We weten nog veel niet, maar we weten inmiddels al meer en kunnen ook betere vragen stellen. We moeten ten eerste meer zicht krijgen op de beperkende factoren in de levenscyclus. Van groot belang is het ophelderen van het habitatgebruik, en de relatie tussen habitatverandering en landgebruik. Hier liggen mooie kansen voor combinaties met zenderonderzoek (zoals bijv grauwe kiek). Seizoensvariatie is belangrijk ivm kritieke periodes (bijv opvetten voor trek). En er blijkt veel lokaal verschil te zijn tussen herstel en degradatie, hoe dat werkt is nog onvoldoende duidelijk.

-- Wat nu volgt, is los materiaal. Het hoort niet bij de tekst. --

End FrobeniusPower.

Section SL2Frobenius.
Variables (F : fieldType) (p : nat).
Hypothesis pcharFp : p \in [pchar F].

Lemma sl2_frob_trace_factor (M : 'M[F]_2) k : \det M = 1 -> \tr M ^+ (p ^ k) = \tr M ->
  (M ^+ (p ^ k).-1 - 1) * (M ^+ (p ^ k).+1 - 1) = 0.
Proof.
move=> detM trMk; set s := (p ^ k)%N.
have s_gt0 : (0 < s)%N by rewrite expn_gt0 prime_gt0 ?(pcharf_prime pcharFp).
have pchar_polyFp : p \in [pchar {poly F}] by rewrite pchar_poly.
set P : {poly F} := 'X^2 - (\tr M)%:P * 'X + (\det M)%:P.
have PM : horner_mx M P = 0 := Cayley_Hamilton_mx22 M.
have Ps : P ^+ s = 'X^s ^+ 2 - (\tr M)%:P * 'X^s + 1.
  rewrite -[P ^+ s]/(frobn k pchar_polyFp P) /P detM rmorphD rmorphB rmorphXn rmorphM rmorph1 /=.
  by rewrite /frobn -rmorphXn /= trMk.
have -> : (M ^+ s.-1 - 1) * (M ^+ s.+1 - 1) =
    horner_mx M (('X^(s.-1) - 1) * ('X^(s.-1) * 'X^2 - 1)).
  by rewrite rmorphM !rmorphB rmorphM !rmorphXn rmorph1 /= horner_mx_X -exprD addn2 prednK.
rewrite (_ : _ * _ = P ^+ s - 'X^(s.-1) * P); last first.
  by rewrite Ps /P detM polyC1 -(prednK s_gt0) !exprSr /=; ring.
by rewrite rmorphB rmorphM rmorphXn /= PM expr0n mulr0 subr0 eqn0Ngt s_gt0.
Qed.

Lemma sl2_frob_trace_exp1 (M : 'M[F]_2) k r : \det M = 1 -> M ^+ r = 1 -> r%:R != 0 :> F ->
  \tr M ^+ (p ^ k) = \tr M -> M ^+ (p ^ k).-1 = 1 \/ M ^+ (p ^ k).+1 = 1.
Proof.
move=> detM Mr r_neq0 trMk; have := sl2_frob_trace_factor detM trMk.
set A := _ - 1; set B := _ - 1 => AB0.
have [detA0 | detA_neq0] := eqVneq (\det A) 0.
  left; apply: (unipotent_mx22_eq1 _ detA0 _ r_neq0); first by rewrite detX detM expr1n.
  by rewrite exprAC Mr expr1n.
right; apply/eqP; rewrite -subr_eq0 -/B; apply/eqP.
have A_unit : A \is a GRing.unit by rewrite unitmxE unitfE.
by rewrite -(mulKr A_unit B) AB0 mulr0.
Qed.

End SL2Frobenius.

(** * The group G_2(F) and the Frobenius *)

Section G2Group.
Variable F : finFieldType.
Implicit Types g h z : {perm 'rV[F]_8}.

Lemma G2P g : reflect
  ((forall a x y, g (a *: x + y) = a *: g x + g y) /\ forall x y, g (omul x y) = omul (g x) (g y))
  (g \in G2 F).
Proof.
rewrite inE; apply: (iffP andP) => [[/forallP lin_g /forallP mul_g] | [lin_g mul_g]]; split.
- by move=> a x y; apply/eqP; have /forallP/(_ x)/forallP/(_ y) := lin_g a.
- by move=> x y; apply/eqP; have /forallP/(_ y) := mul_g x.
- by apply/forallP => a; apply/forallP => x; apply/forallP => y; rewrite lin_g.
- by apply/forallP => x; apply/forallP => y; rewrite mul_g.
Qed.

Lemma group_set_G2 : group_set (G2 F).
Proof.
apply/group_setP; split; first by apply/G2P; split=> [a x y | x y]; rewrite !perm1.
move=> g h /G2P[lin_g mul_g] /G2P[lin_h mul_h].
by apply/G2P; split=> [a x y | x y]; rewrite !permM ?lin_g ?lin_h ?mul_g ?mul_h.
Qed.

Canonical G2_group := group group_set_G2.

Lemma linear_row_mx n (phi : 'rV[F]_n -> 'rV[F]_n) :
  (forall a x y, phi (a *: x + y) = a *: phi x + phi y) -> forall v, phi v = v *m lin1_mx phi.
Proof.
move=> lin_phi v; have phi0 : phi 0 = 0.
  by have := lin_phi 1 0 0; rewrite !scale1r addr0 -{1}[phi 0]addr0 => /addrI/esym.
have phiZ a x : phi (a *: x) = a *: phi x by rewrite -[_ *: _]addr0 lin_phi phi0 addr0.
rewrite {1}(row_sum_delta v) mulmx_sum_row.
apply: (big_ind2 (fun u w => phi u = w)) => [|u1 w1 u2 w2 <- <-|i _].
- exact: phi0.
- by rewrite -{1}[u1]scale1r lin_phi scale1r.
- by rewrite phiZ; congr (_ *: _); apply/rowP => j; rewrite !mxE.
Qed.

Lemma G2_mx g : g \in G2 F -> exists2 A : 'M[F]_8, A \in unitmx & forall v, g v = v *m A.
Proof.
move=> G2g; have /G2P[lin_g _] := G2g; have /G2P[lin_gV _] := groupVr G2g.
exists (lin1_mx g); last exact: linear_row_mx.
have [] // := @mulmx1_unit _ _ (lin1_mx g) (lin1_mx (g^-1)%g).
apply/row_matrixP => i; rewrite !rowE mulmxA.
by rewrite -(linear_row_mx lin_g) -(linear_row_mx lin_gV) permK mulmx1.
Qed.

Lemma semilinear_norm_G2 z (sigma sigma' : F -> F) : cancel sigma' sigma ->
    (forall a x y, z (a *: x + y) = sigma a *: z x + z y) ->
    (forall x y, z (omul x y) = omul (z x) (z y)) ->
  (z \in 'N(G2 F))%g.
Proof.
move=> sigmaK lin_z mul_z; rewrite inE; apply/subsetP => _ /imsetP[g /G2P[lin_g mul_g] ->].
have zV v : v = z ((z^-1)%g v) by rewrite permKV.
apply/G2P; split=> [a x y | x y]; rewrite /conjg !permM.
  by rewrite -{1}[a]sigmaK {1}(zV x) {1}(zV y) -lin_z permK lin_g lin_z sigmaK.
by rewrite {1}(zV x) {1}(zV y) -mul_z permK mul_g mul_z.
Qed.

Section MatrixPerm.
Variables (A : 'M[F]_8) (A_unit : A \in unitmx).

Definition mx_perm : {perm 'rV[F]_8} := perm (can_inj (mulmxK A_unit)).

Lemma mx_permE v : mx_perm v = v *m A.
Proof. by rewrite permE. Qed.

Lemma mx_permX k v : (mx_perm ^+ k)%g v = v *m A ^+ k.
Proof.
rewrite permX; elim: k => [|k IHk] /=; first by rewrite expr0 mulmx1.
by rewrite mx_permE IHk exprSr -mulmxA mulmxE.
Qed.

Lemma mx_perm_G2 : (forall x y, omul (x *m A) (y *m A) = omul x y *m A) -> mx_perm \in G2 F.
Proof. by move=> mulA; apply/G2P; split=> [a x y | x y]; rewrite !mx_permE ?mulmxDl -?scalemxAl. Qed.

End MatrixPerm.

End G2Group.

Section FrobeniusPerm.
Variables (F : finFieldType) (f : nat).
Hypothesis cardF : #|F| = (3 ^ f)%N.

Let pcharF3 : (3 \in [pchar F])%N := card_finPcharP cardF isT.

Local Notation frob k := (frobn k pcharF3).

Lemma frobn_card a : frob f a = a.
Proof. by rewrite /frobn -cardF expf_card. Qed.

Lemma frobn_comp m k a : frob m (frob k a) = frob (k + m) a.
Proof. by rewrite /frobn -exprM -expnD. Qed.

Let frob_row_inj : injective (map_mx (frob 1) : 'rV[F]_8 -> 'rV[F]_8).
Proof. exact: map_mx_inj. Qed.

Definition frobp : {perm 'rV[F]_8} := perm frob_row_inj.

Lemma FrobSetE : FrobSet F = [set frobp].
Proof.
apply/setP => g; rewrite !inE; apply/forallP/eqP => [g_frob | -> x]; last by rewrite permE.
by apply/permP => x; rewrite permE; apply/eqP.
Qed.
Section RsepMonotone.
Context {R : realType} {X : nat -> Type}.
Variables (d : forall n, X n -> X n -> R) (f : forall n, X n -> X n.+1).
Local Open Scope ereal_scope.

Lemma le_rsep_time m n e : (m <= n)%N -> rsep d f m e <= rsep d f n e.
Proof.
move=> le_mn; apply: (le_rsep id) => x y /lt_le_trans; apply.
exact: le_bowen.
Qed.

Lemma le_rsep_eps n (e1 e2 : R) : (e1 <= e2)%R -> rsep d f n e2 <= rsep d f n e1.
Proof. by move=> le_e; apply: (le_rsep id) => x y; exact: le_lt_trans. Qed.

End RsepMonotone.

Section EquicontinuousIterates.
Context {R : realType} {X : nat -> Type}.
Context {d : forall n, X n -> X n -> R} {f : forall n, X n -> X n.+1}.
Hypothesis equicont : nds_equicontinuous d f.

Lemma equicontinuous_iterf K (e : R) : 0 < e -> exists2 delta : R, 0 < delta &
  forall r, (r <= K)%N -> forall a (u v : X a), d _ u v <= delta ->
    d _ (iterf f r u) (iterf f r v) <= e.
Proof.
elim: K e => [|K IH] e e0.
  by exists e => // r; rewrite leqn0 => /eqP -> a u v.
have [eta eta0 f_eta] := equicont _ e0.
have [|delta delta0 iter_delta] := IH (Order.min e (eta / 2)).
  by rewrite lt_min e0 divr_gt0.
exists delta => // r; rewrite leq_eqVlt ltnS => /orP[/eqP -> | le_rK] a u v uv.
  apply/ltW/f_eta; apply: le_lt_trans (iter_delta K (leqnn K) _ _ _ uv) _.
  by rewrite gt_min ltr_pdivrMr // ltr_pMr // ltr1n orbT.
by apply: le_trans (iter_delta r le_rK _ _ _ uv) _; rewrite ge_min lexx.
Qed.

End EquicontinuousIterates.

Section PowerSystem.
Context {R : realType} {X : nat -> Type}.
Variables (d : forall n, X n -> X n -> R) (f : forall n, X n -> X n.+1).
Context {k : nat}.
Hypothesis k_gt0 : (0 < k)%N.

Lemma orbit_dist_powf q x y :
  orbit_dist (powd d k) (powf f k) q x y = orbit_dist d f (q * k) x y.
Proof. by apply: (congr2_Tagged d); exact: iterf_powf. Qed.

Lemma bowen_powf_le n x y : bowen (powd d k) (powf f k) n x y <= bowen d f (n * k) x y.
Proof.
apply: bowen_le => [|q lt_qn]; first exact: bowen_ge0.
by rewrite orbit_dist_powf; apply: orbit_dist_le_bowen; rewrite ltn_pmul2r.
Qed.

Lemma rsep_powf_le n e : (rsep (powd d k) (powf f k) n e <= rsep d f (n * k) e)%E.
Proof.
apply: (le_rsep (id : powX X k 0 -> X 0)) => x y /lt_le_trans; apply.
exact: bowen_powf_le.
Qed.

Context {e delta : R}.
Hypothesis e_ge0 : 0 <= e.
Hypothesis iter_delta : forall r, (r <= k)%N -> forall a (u v : X a), d _ u v <= delta ->
  d _ (iterf f r u) (iterf f r v) <= e.

Lemma bowen_le_powf n x y :
  bowen (powd d k) (powf f k) n x y <= delta -> bowen d f (n * k) x y <= e.
Proof.
move=> close_powf; apply: bowen_le => // i lt_i.
rewrite (divn_eq i k) addnC; set r := (i %% k)%N; set q := (i %/ k)%N.
have close_q : orbit_dist d f (q * k) x y <= delta.
  rewrite -orbit_dist_powf; apply: le_trans close_powf.
  by apply: orbit_dist_le_bowen; rewrite ltn_divLR.
have := iter_delta _ (ltnW (ltn_pmod i k_gt0)) _ _ _ close_q.
by congr (_ <= _); apply: (congr2_Tagged d); rewrite -iterfD.
Qed.

Lemma rsep_le_powf n : (rsep d f (n * k) e <= rsep (powd d k) (powf f k) n delta)%E.
Proof.
apply: (le_rsep (id : X 0 -> powX X k 0)) => x y; rewrite !ltNge; apply: contra.
exact: bowen_le_powf.
Qed.

End PowerSystem.

Lemma ceil_ratio_bound {R : realType} (s eps K m n : R) :
  1 <= K -> 0 < m -> 0 <= s -> 0 < eps -> n * K <= m + K -> 2 * s + eps <= m * eps ->
  (s + eps / 2) * n / m <= s / K + eps.
Proof.
move=> K1 m0 s0 eps0 le_nK le_m; have K0 : 0 < K by lra.
rewrite ler_pdivrMr // -(ler_pM2r K0).
have -> : (s / K + eps) * m * K = s * m + eps * m * K by field; lra.
have c0 : 0 <= s + eps / 2 by lra.
have := ler_wpM2l c0 le_nK; have := ler_wpM2r (ltW K0) le_m.
have := ler_wpM2l (ltW eps0) (ler_wpM2l (ltW m0) K1).
nra.
Qed.

Section UpperLimits.
Context {R : realType}.
Local Open Scope classical_set_scope.
Local Open Scope ereal_scope.
Implicit Types u v : nat -> \bar R.

Lemma limn_esup_lt_eventually u y :
  limn_esup u < y -> exists N, forall n, (N <= n)%N -> u n < y.
Proof.
rewrite /limn_esup limf_esupE => /ereal_inf_lt [_ [V [N _ sub_V] <-] sup_lt].
exists N => n le_Nn; apply: le_lt_trans sup_lt.
by apply: ereal_sup_ubound; exists n => //; exact: sub_V.
Qed.

Lemma limn_esup_le_eventually u z :
  (exists N, forall n, (N <= n)%N -> u n <= z) -> limn_esup u <= z.
Proof.
case=> N le_z; rewrite /limn_esup limf_esupE.
apply: le_trans (_ : ereal_sup (u @` [set n : nat | (N <= n)%N]) <= _).
  by apply: ereal_inf_lbound; exists [set n : nat | (N <= n)%N] => //; exists N.
by apply: ge_ereal_sup => _ [n le_Nn <-]; exact: le_z.
Qed.

Lemma le_limn_esup u v : (forall n, u n <= v n) -> limn_esup u <= limn_esup v.
Proof.
move=> le_uv; rewrite /limn_esup !limf_esupE.
apply: le_ereal_inf_tmp => _ [V FV <-].
apply: le_trans (_ : ereal_sup (u @` V) <= _); first by apply: ereal_inf_lbound; exists V.
apply: ge_ereal_sup => _ [n Vn <-]; apply: le_trans (le_uv n) _.
by apply: ereal_sup_ubound; exists n.
Qed.

Lemma limn_esup_ge0 {u} : (forall n, 0 <= u n) -> 0 <= limn_esup u.
Proof. by move=> u_ge0; apply: limf_esup_ge0 => //; exact: eventually_proper. Qed.

Definition rate u (n : nat) : \bar R := u n * (n%:R^-1)%:E.

Lemma rate_ge0 {u} : (forall n, 0 <= u n) -> forall n, 0 <= rate u n.
Proof. by move=> u_ge0 n; apply: mule_ge0 => //; rewrite lee_fin invr_ge0. Qed.

Lemma le_rate {u v n} : u n <= v n -> rate u n <= rate v n.
Proof. by move=> le_uv; apply: lee_wpmul2r => //; rewrite lee_fin invr_ge0. Qed.

Variable k : nat.
Hypothesis k_gt0 : (0 < k)%N.

Lemma limn_esup_rate_le_mul u v : (forall n, 0 <= u n) ->
  (forall n, v n <= u (n * k)%N) -> limn_esup (rate v) <= k%:R%:E * limn_esup (rate u).
Proof.
move=> u_ge0 le_vu; have k0 : (0 < k%:R :> R)%R by rewrite ltr0n.
have := limn_esup_ge0 (rate_ge0 u_ge0).
case lim_u : (limn_esup (rate u)) => [r| |] // r0; last by rewrite gt0_muley ?leey.
apply/lee_addgt0Pr => eps eps0.
have [|N lt_N] := @limn_esup_lt_eventually (rate u) (r + eps / k%:R)%:E.
  by rewrite lim_u lte_fin ltrDl divr_gt0.
apply: limn_esup_le_eventually; exists N => n le_Nn.
have rate_vu : rate v n <= k%:R%:E * rate u (n * k).
  apply: le_trans (le_rate (v := fun m => u (m * k)%N) (le_vu n)) _.
  rewrite /rate muleCA -EFinM natrM invfM mulrCA mulfV ?mulr1 //.
  by rewrite gt_eqF.
apply: le_trans rate_vu (le_trans (_ : _ <= k%:R%:E * (r + eps / k%:R)%:E) _).
  apply: lee_wpmul2l; first by rewrite lee_fin ltW.
  by apply/ltW/lt_N; apply: leq_trans le_Nn _; exact: leq_pmulr.
by rewrite -EFinM -EFinD mulrDr mulrCA mulfV ?mulr1 // gt_eqF.
Qed.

Deze vragen kwamen ook aan de orde in het ontwikkelen van AEMLAP. RSPB en VBN lobbieden daarom voor oprichting van een internationaal platform voor landvogel-onderzoekers, ongeveer analoog aan de IWSG. Deze club, de MLSG, werd in maart vorig jaar officieel opgericht. Wapenfeiten zijn een symposium tijdens de laatste EOU conferentie. Mijn droom is dat hier straks wat meer Afrikaanse gezichten tussen staan dan die ene van nu!
In conclusie. LotE was al een opschaling, maar om verschil te maken moet er nog meer gebeuren. Enkele toekomstplannen waarin VBN gaat investeren. Niet alleen meer projecten, maar vooral invloed. Droom: de jongens op de foto zijn jeugdleden van de plaatselijke vwg, op weg naar hun volgende gouden grid blok voor de atlas. Tegen de tijd dat we in Afrikaanse landen net zo’n zaal kunnen vullen met vogeltellers ziet de wereld er waarschijnlijk een stuk beter uit!